The metadata gate is the quad-tuple (name, offset_or_size_qword, link_info_qword, addralign_dword). The QWORD at offset +0 of the entry holds a packed offset/size field, the QWORD at +8 holds the packed sh_link/sh_info pair, and the DWORD at +24 holds sh_addralign. Two slices with identical bytes but different alignment requirements are not considered duplicates.

Stage 3: Relocation-Target Vector (v402[61] vs v331+16)

v302 = sub_464BB0((__int64)v402[61]);
if ( v302 == sub_464BB0(*(_QWORD *)(v331 + 16)) )
{
    v303 = 0;
    while ( sub_464BB0((__int64)v402[61]) > v303 )
    {
        v304 = (char **)sub_464DB0(v402[61], v303);
        v305 = *v304;                          // candidate target name
        if ( sub_44E3A0(".nv.merc.", *v304) )
            v305 += 8;
        v307 = 0;
        while ( 1 )
        {
            if ( sub_464BB0(*(_QWORD *)(v331 + 16)) <= v307 )
            {
                v30 = 18;
                goto LABEL_292;                // REJECT: relocation target not in reference
            }
            v308 = sub_464DB0(*(_QWORD **)(v331 + 16), v307);
            s2 = *(char **)v308;
            v310 = s2;
            if ( sub_44E3A0(".nv.merc.", s2) )
                v310 = s2 + 8;
            if ( !strcmp(v305, v310) )
            {
                v311 = *(_DWORD *)(v308 + 16);
                if ( v311 == *((_DWORD *)v306 + 4) )      // same payload length
                {
                    if ( !memcmp(*(const void **)(v308 + 8), v306[1], v311) )
                        break;                            // bytes match
                }
            }
            ++v307;
        }
        v303 = v351 + 1;
    }
    goto LABEL_229;                            // ACCEPT: all three walks passed
}
v30 = 18;

Stage 3 walks the relocation-target descriptors.

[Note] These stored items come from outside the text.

(* Let $\delta$ be an $\mathfrak l_m$-dominant integral weight, let $k\ge k'$ be non-negative integers, and let $K\in\kappa(\delta,k)$ and $K'\in\kappa(\delta,k')$ with $K\ne K'$. Then $\chi_{\delta+\lambda_K}=\chi_{\delta+\lambda_{K'}}$ if and only if $\delta$ is resonant, $i:=i(\delta,k)$ is defined, $\tilde\delta_i<k+K_i$, and $K'=K-d\,e_i$ where $d=k+K_i-\tilde\delta_i$.
   Context: $\mathfrak a_m\cong\mathfrak{sl}_{m+1}$ is the projective subalgebra $\mathrm{Span}\{\partial_{x_i},x_j\partial_{x_i},x_j\sum_rx_r\partial_{x_r}\}$ of polynomial vector fields on $\mathbb R^m$, with Cartan subalgebra $\mathfrak h_m=\mathrm{Span}\{x_i\partial_{x_i}\}$. Weights: $\mathfrak h_m^*=\{\lambda=\sum_{i=0}^m\lambda_i\epsilon_i:\sum\lambda_i=0\}$ with $\lambda(x_j\partial_{x_j})=\lambda_j$ ($1\le j\le m$). Let $\rho=\sum_{i=0}^m(\tfrac m2-i)\epsilon_i$; $S_{m+1}$ acts on $\mathfrak h_m^*$ by permuting indices $0,\dots,m$, $w\cdot\lambda=w(\lambda+\rho)-\rho$; $\chi_\lambda$ is the infinitesimal character of $\mathfrak a_m$ associated to $\lambda$ via the Harish-Chandra isomorphism, and $\chi_\lambda=\chi_{\lambda'}$ iff $\lambda'\in S_{m+1}\cdot\lambda$. $\lambda$ is $\mathfrak l_m$-dominant integral if $\lambda_i-\lambda_{i+1}\in\mathbb N$ for $1\le i<m$. $e_i$ is the $i$-th standard basis vector of $\mathbb Z^m$. For $K\in\mathbb N^m$: $|K|=\sum K_i$, $\lambda_K=|K|\epsilon_0-\sum_{i=1}^mK_i\epsilon_i$, $\kappa(\delta,k)=\{K\in\mathbb N^m:|K|=k,\ K_i\le\delta_i-\delta_{i+1}\text{ for }i<m\}$. For $\delta=(\delta_0,\dots,\delta_m)$ $\mathfrak l_m$-dominant integral: $i(\delta)\in\{1,\dots,m\}$ is maximal with $\delta_1=\cdots=\delta_{i(\delta)}$; $\tilde\delta_i=\delta_i-i-\delta_0$; $\delta$ is resonant if $\tilde\delta_{i(\delta)}\in\mathbb Z^+$; for $\delta$ resonant, $k\in\mathbb Z^+$ and $\tilde\delta_{i(\delta)}\ge k$, $i(\delta,k)\in\{i(\delta),\dots,m\}$ is maximal with $\tilde\delta_{i(\delta,k)}\ge k$; otherwise $i(\delta,k)$ is undefined. *)

From HB Require Import structures.
From mathcomp Require Import all_boot all_order all_algebra perm.
Set Implicit Arguments. Unset Strict Implicit. Unset Printing Implicit Defensive.
Import Order.TTheory GRing.Theory Num.Theory.
Local Open Scope ring_scope.

Section Weights.
Variables (C : numClosedFieldType) (m : nat).

(* A weight lambda = sum_{i=0}^m lambda_i eps_i is a function 'I_m.+1 -> C;
   the condition sum lambda_i = 0 is imposed separately as a hypothesis. *)
Definition wt := 'I_m.+1 -> C.

Definition wat (l : wt) (i : nat) : C := l (inord i).

Definition is_weight (l : wt) : Prop := \sum_(i < m.+1) l i = 0.

Definition rho : wt := fun i => (m%:R / 2%:R) - (nat_of_ord i)%:R.

(* chi_l = chi_l'  iff  l' \in S_{m+1} . l, i.e. l' + rho = w (l + rho)
   for some permutation w of the indices 0..m. *)
Definition same_chi (l l' : wt) : Prop :=
  exists s : 'S_m.+1, forall i : 'I_m.+1, l' i + rho i = l (s i) + rho (s i).

Definition lm_dominant (l : wt) : Prop :=
  forall i : nat, (1 <= i)%N -> (i < m)%N -> exists n : nat, wat l i - wat l i.+1 = n%:R.

(* K \in N^m is a function 'I_m -> nat; K_i (1 <= i <= m) is K at ordinal i-1. *)
Definition Kat (K : 'I_m -> nat) (i : nat) : nat :=
  match unlift ord0 (inord i : 'I_m.+1) with Some j => K j | None => 0%N end.

Definition absK (K : 'I_m -> nat) : nat := (\sum_(j < m) K j)%N.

Each descriptor entry is (name_ptr, data_ptr, length_dword) (length at offset +16 in the reference layout, at offset +4 of the candidate's 16-byte pair-of-pointers entry). The walk demands that for every candidate target, the reference holds a target with the same prefix-stripped name, the same payload length, and byte-identical payload. Error code 18 reports a relocation mismatch.

This third walk is the conservative half of the COMDAT analogue: it ensures that the relocation table for the candidate would have rewritten the same target bytes in the same way as the reference's table. A single differing Elf64_Rela entry in .nv.merc.rela.debug_info falsifies the memcmp and forces both copies to survive. Without this stage, two cubins could share identical .nv.merc.debug_info payloads but disagree on which symbols those payloads refer to, producing a silently corrupt merged debug section after relocation application.

Accept Path: LABEL_229

LABEL_229 (line 1694) is the cleanup arm. It releases the candidate's scratch vectors via sub_45B680 on v402[6] and v402[7], frees temporary storage via sub_4746C0(v383) and sub_4746C0(v382), and returns v30 = 0 to the caller. The candidate's data blob is not copied into the output -- the caller writes *v330 = (size_t)v402[2] and *v329 = (void*)v402[5] (lines 1444-1445) before invoking the recursive dedup arm, so on a successful match the output already references the reference's blob.

Reject Paths and Error Codes

The three rejection codes propagate to the caller and decide whether retry or fallback is appropriate:

v30SourceConditionCaller response
17Stage 1 (LABEL_292)memcmp on a primary-data entry returned non-zeroKeep both copies; emit duplicate section
18Stage 3Relocation target list mismatch (count, name, length, or bytes)Keep both copies
19Stage 2 (LABEL_347)Section header vector cardinality or quad-tuple mismatchKeep both copies
0LABEL_229All three stages acceptedDrop candidate, reuse reference

Every reject path runs through LABEL_292, which does identical cleanup to LABEL_229 but skips the blob-merge bookkeeping and returns the non-zero code unchanged. The caller (the recursive site at 0x4768FA) treats any non-zero return as "did not dedup" and proceeds to emit the candidate as an independent section.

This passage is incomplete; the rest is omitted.